Kieron Gillen: [Laughs] Yes, the playlist will eventually be made public. I'm thinking about doing a series of posts revealing which song is informing my take on the characters, which will also be a good way to introduce my thinking on the team to the very-active Young Avengers Tumblr folk.
It wasn't the first to come to mind; the first thing in the playlist was actually Emeli Sandes' “Heaven” which connects incredibly strongly to one character. In fact, it was just the one that popped up on the playlist at that second, and I had the sudden urge to post it. It's an incredible record, and certainly describes a little of the raucous pugnaciousness of the team. It's a song that actively defies everything in existence that stops them from living in a manner they find agreeable. A key line in my thinking about YOUNG AVENGERS is "The original series is about being 16. This series is about being 18." “The Nights of Wine and Roses” sounds a hell of a lot like how life felt for me at 18.
The whole playlist is a mixture of things which all evoke a certain sense of youth. Some of it is hyper-modern. Some of it is prehistorically old. Some of it is heartbreaking and some of it makes my heart beat faster and faster until it explodes. YOUNG AVENGERS, y'know?

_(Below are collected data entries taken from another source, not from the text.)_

Lemma sum_gen_pow_back_at k n : forall N h s,
  sum_f_R0 (fun j => gen_pow vf vb n s ((k + 1 + Z.of_nat j)%Z, k) * h j) N
  = Nat.iter n gen_op (back_at k (trunc N h)) s.
Proof.
  induction n as [|n IH]; intros N h [a b].
  - simpl Nat.iter. unfold back_at, trunc; cbn [gen_pow fst snd].
    destruct (Z.eqb_spec b k) as [-> | Hb]; cbn [andb].
    + destruct (Z.ltb_spec k a).
      * rewrite <- (sum_f_R0_single h (Z.to_nat (a - k - 1))). apply sum_eq. intros j _.
        rewrite andb_true_r. destruct (Nat.eqb_spec j (Z.to_nat (a - k - 1))); case_Z; ring.
      * apply sum_eq_R0. intros j _. case_Z; ring.
    + apply sum_eq_R0. intros j _. rewrite andb_false_r. ring.
  - set (t := fun u j => gen_pow vf vb n u ((k + 1 + Z.of_nat j)%Z, k) * h j).
    rewrite (sum_eq _ (fun j => gen vf vb (a, b) ((a + 1)%Z, b) * t ((a + 1)%Z, b) j
      + gen vf vb (a, b) (a, (b + 1)%Z) * t (a, (b + 1)%Z) j
      + gen vf vb (a, b) (a, b) * t (a, b) j)).
    + rewrite sum_f_R0_lin3. unfold t. rewrite !IH. reflexivity.
    + intros j _. unfold t. rewrite gen_pow_succ_l. unfold gen_op. ring.
Qed.

Lemma gen_iter_local n : forall f g A,
  (forall a b, (b < a)%Z -> (a <= A)%Z -> f (a, b) = g (a, b)) ->
  forall a b, (b < a)%Z -> (a + Z.of_nat n <= A)%Z ->
  Nat.iter n gen_op f (a, b) = Nat.iter n gen_op g (a, b).
Proof.
  induction n as [|n IH]; intros f g A Hfg a b Hab HA.
  - apply Hfg; lia.
  - rewrite !Nat.iter_succ, !gen_op_explicit, !(IH f g A Hfg) by lia.
    destruct (Z.ltb_spec (b + 1) a); [rewrite (IH f g A Hfg a (b + 1)%Z) by lia|]; reflexivity.
Qed.

Definition gen_norm : R := 2 * (Rabs vf + Rabs vb).

Lemma gen_op_bound f B : (forall s, Rabs (f s) <= B) ->
  forall s, Rabs (gen_op f s) <= gen_norm * B.
Proof.
  intros Hf [a b]. rewrite gen_op_explicit. unfold gen_norm.
  assert (Hd : forall s s', Rabs (f s - f s') <= 2 * B).
  { intros s s'. eapply Rle_trans; [apply Rabs_triang|]. rewrite Rabs_Ropp.
    pose proof (Hf s); pose proof (Hf s'); lra. }
  assert (HB : 0 <= B) by (eapply Rle_trans; [apply Rabs_pos | apply (Hf (a, b))]).
  assert (Hfront : Rabs (vf * (f ((a + 1)%Z, b) - f (a, b))) <= Rabs vf * (2 * B))
    by (rewrite Rabs_mult; apply Rmult_le_compat_l; [apply Rabs_pos | apply Hd]).
  assert (Hback : Rabs (if (b + 1 <? a)%Z then vb * (f (a, (b + 1)%Z) - f (a, b)) else 0)
                  <= Rabs vb * (2 * B)).
  { destruct (b + 1 <? a)%Z.
    - rewrite Rabs_mult. apply Rmult_le_compat_l; [apply Rabs_pos | apply Hd].
    - rewrite Rabs_R0. apply Rmult_le_pos; [apply Rabs_pos | lra]. }
  eapply Rle_trans; [apply Rabs_triang | lra].
Qed.

Lemma gen_iter_bound f B : (forall s, Rabs (f s) <= B) ->
  forall n s, Rabs (Nat.iter n gen_op f s) <= gen_norm ^ n * B.
Proof.
  intros Hf n; induction n as [|n IH]; intro s.
  - simpl. rewrite Rmult_1_l. apply Hf.
  - rewrite Nat.iter_succ. simpl pow. rewrite Rmult_assoc. apply gen_op_bound, IH.
Qed.

Lemma gen_pow_bound n s s' : Rabs (gen_pow vf vb n s s') <= gen_norm ^ n.
Proof.
  revert s; induction n as [|n IH]; intro s.
  - simpl. destruct (_ && _)%bool; rewrite ?Rabs_R1, ?Rabs_R0; lra.
  - rewrite gen_pow_succ_l. apply gen_op_bound. intro u. apply IH.
Qed.

Lemma back_at_bound k h B :
  (forall j, Rabs (h j) <= B) -> forall s, Rabs (back_at k h s) <= B.
Proof.
  intros Hh s. unfold back_at. destruct (_ && _)%bool; [apply Hh|].
  rewrite Rabs_R0. eapply Rle_trans; [apply Rabs_pos | apply (Hh O)].
Qed.

Lemma trunc_bound N h B : (forall j, Rabs (h j) <= B) -> forall j, Rabs (trunc N h j) <= B.
Proof.
  intros Hh j. unfold trunc. destruct (j <=? N)%nat; [apply Hh|].
  rewrite Rabs_R0. eapply Rle_trans; [apply Rabs_pos | apply (Hh O)].
Qed.

Lemma is_series_trans d s s' :
  is_series (fun n => d ^ n / INR (fact n) * gen_pow vf vb n s s') (trans vf vb d s s').
Proof.
  apply Series_correct, (ex_series_Rabs_le _ (fun n => (Rabs d * gen_norm) ^ n / INR (fact n) * 1)).
  - intro n. apply Rabs_exp_term_le. rewrite Rmult_1_r. apply gen_pow_bound.
  - exists (exp (Rabs d * gen_norm) * 1). exact (is_series_scal_r 1 _ _ (exp_series _)).
Qed.

Lemma sum_trans_back_at d k h s N :
  sum_f_R0 (fun j => trans vf vb d s ((k + 1 + Z.of_nat j)%Z, k) * h j) N
  = Series (fun n => d ^ n / INR (fact n) * Nat.iter n gen_op (back_at k (trunc N h)) s).
Proof.
  symmetry. apply is_series_unique.
  eapply is_series_ext; [|apply (is_series_sum_f_R0
    (fun j n => d ^ n / INR (fact n) * gen_pow vf vb n s ((k + 1 + Z.of_nat j)%Z, k) * h j))].
  - intro n. rewrite <- sum_gen_pow_back_at, scal_sum. apply sum_eq. intros j _. ring.
  - intro j. apply is_series_scal_r, is_series_trans.
Qed.

Lemma gen_iter_back_at_trunc k h N n x1 x2 : (x2 < x1)%Z -> (n + Z.to_nat (x1 - k) <= N)%nat ->
  Nat.iter n gen_op (back_at k (trunc N h)) (x1, x2) = Nat.iter n gen_op (back_at k h) (x1, x2).
Proof.
  intros Hx HN. apply (gen_iter_local n _ _ (k + 1 + Z.of_nat N)%Z); [|lia|lia].
  intros a b _ Ha. unfold back_at, trunc; cbn [fst snd]. case_Z; try reflexivity.
  destruct (Nat.leb_spec (Z.to_nat (a - k - 1)) N); [reflexivity | lia].
Qed.

Lemma is_series_trans_back_at d k h B x1 x2 :
  (x2 < x1)%Z -> (forall j, Rabs (h j) <= B) ->
  is_series (fun n => d ^ n / INR (fact n) * Nat.iter n gen_op (back_at k h) (x1, x2))
    (Series (fun j => trans vf vb d (x1, x2) ((k + 1 + Z.of_nat j)%Z, k) * h j)).
Proof.
  intros Hx Hh.
  set (c := fun n => (Rabs d * gen_norm) ^ n / INR (fact n) * B).
  set (F := fun n => d ^ n / INR (fact n) * Nat.iter n gen_op (back_at k h) (x1, x2)).
  assert (Ec : is_series c (exp (Rabs d * gen_norm) * B))
    by exact (is_series_scal_r B _ _ (exp_series _)).
  assert (HFc : forall n, Rabs (F n) <= c n)
    by (intro n; apply Rabs_exp_term_le, gen_iter_bound, back_at_bound, Hh).
  assert (Hcv : Un_cv (fun N => Series (fun n =>
                  d ^ n / INR (fact n) * Nat.iter n gen_op (back_at k (trunc N h)) (x1, x2)))
                  (Series F)).
  { apply (Un_cv_Series_dominated _ F c (Z.to_nat (x1 - k)) (ex_intro _ _ Ec)).
    - intros N n. apply Rabs_exp_term_le, gen_iter_bound, back_at_bound, trunc_bound, Hh.
    - intros N n HN. unfold F. rewrite gen_iter_back_at_trunc by assumption. reflexivity. }
  assert (HA : is_series (fun j => trans vf vb d (x1, x2) ((k + 1 + Z.of_nat j)%Z, k) * h j)
                 (Series F)).
  { apply is_series_Reals. intros eps Heps. destruct (Hcv eps Heps) as [N0 HN0].
    exists N0. intros N HN. rewrite sum_trans_back_at. apply HN0, HN. }
  rewrite (is_series_unique _ _ HA). apply Series_correct.
  apply (ex_series_Rabs_le _ c HFc). exists (exp (Rabs d * gen_norm) * B). exact Ec.
Qed.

A quick bunch of random selections from the list: “212” by Azealia Banks, “Be My Baby” by the Ronettes, “I Love It” by Icona Pop, “I Would Die 4 U” by Prince, “I Wish I Was Someone Better” by Blood Red Shoes, “The Night” by School of Seven Bells, “Young Hearts Run Free” by Candi Staton, “I Feel It All” by Feist, the “Breakaway” cover by the Detroit Cover, “Born On The Floor” by the Make-Up, “Born To Run” by Bruce and “Absolute Beginners” by Bowie. It's currently standing at 51 tracks.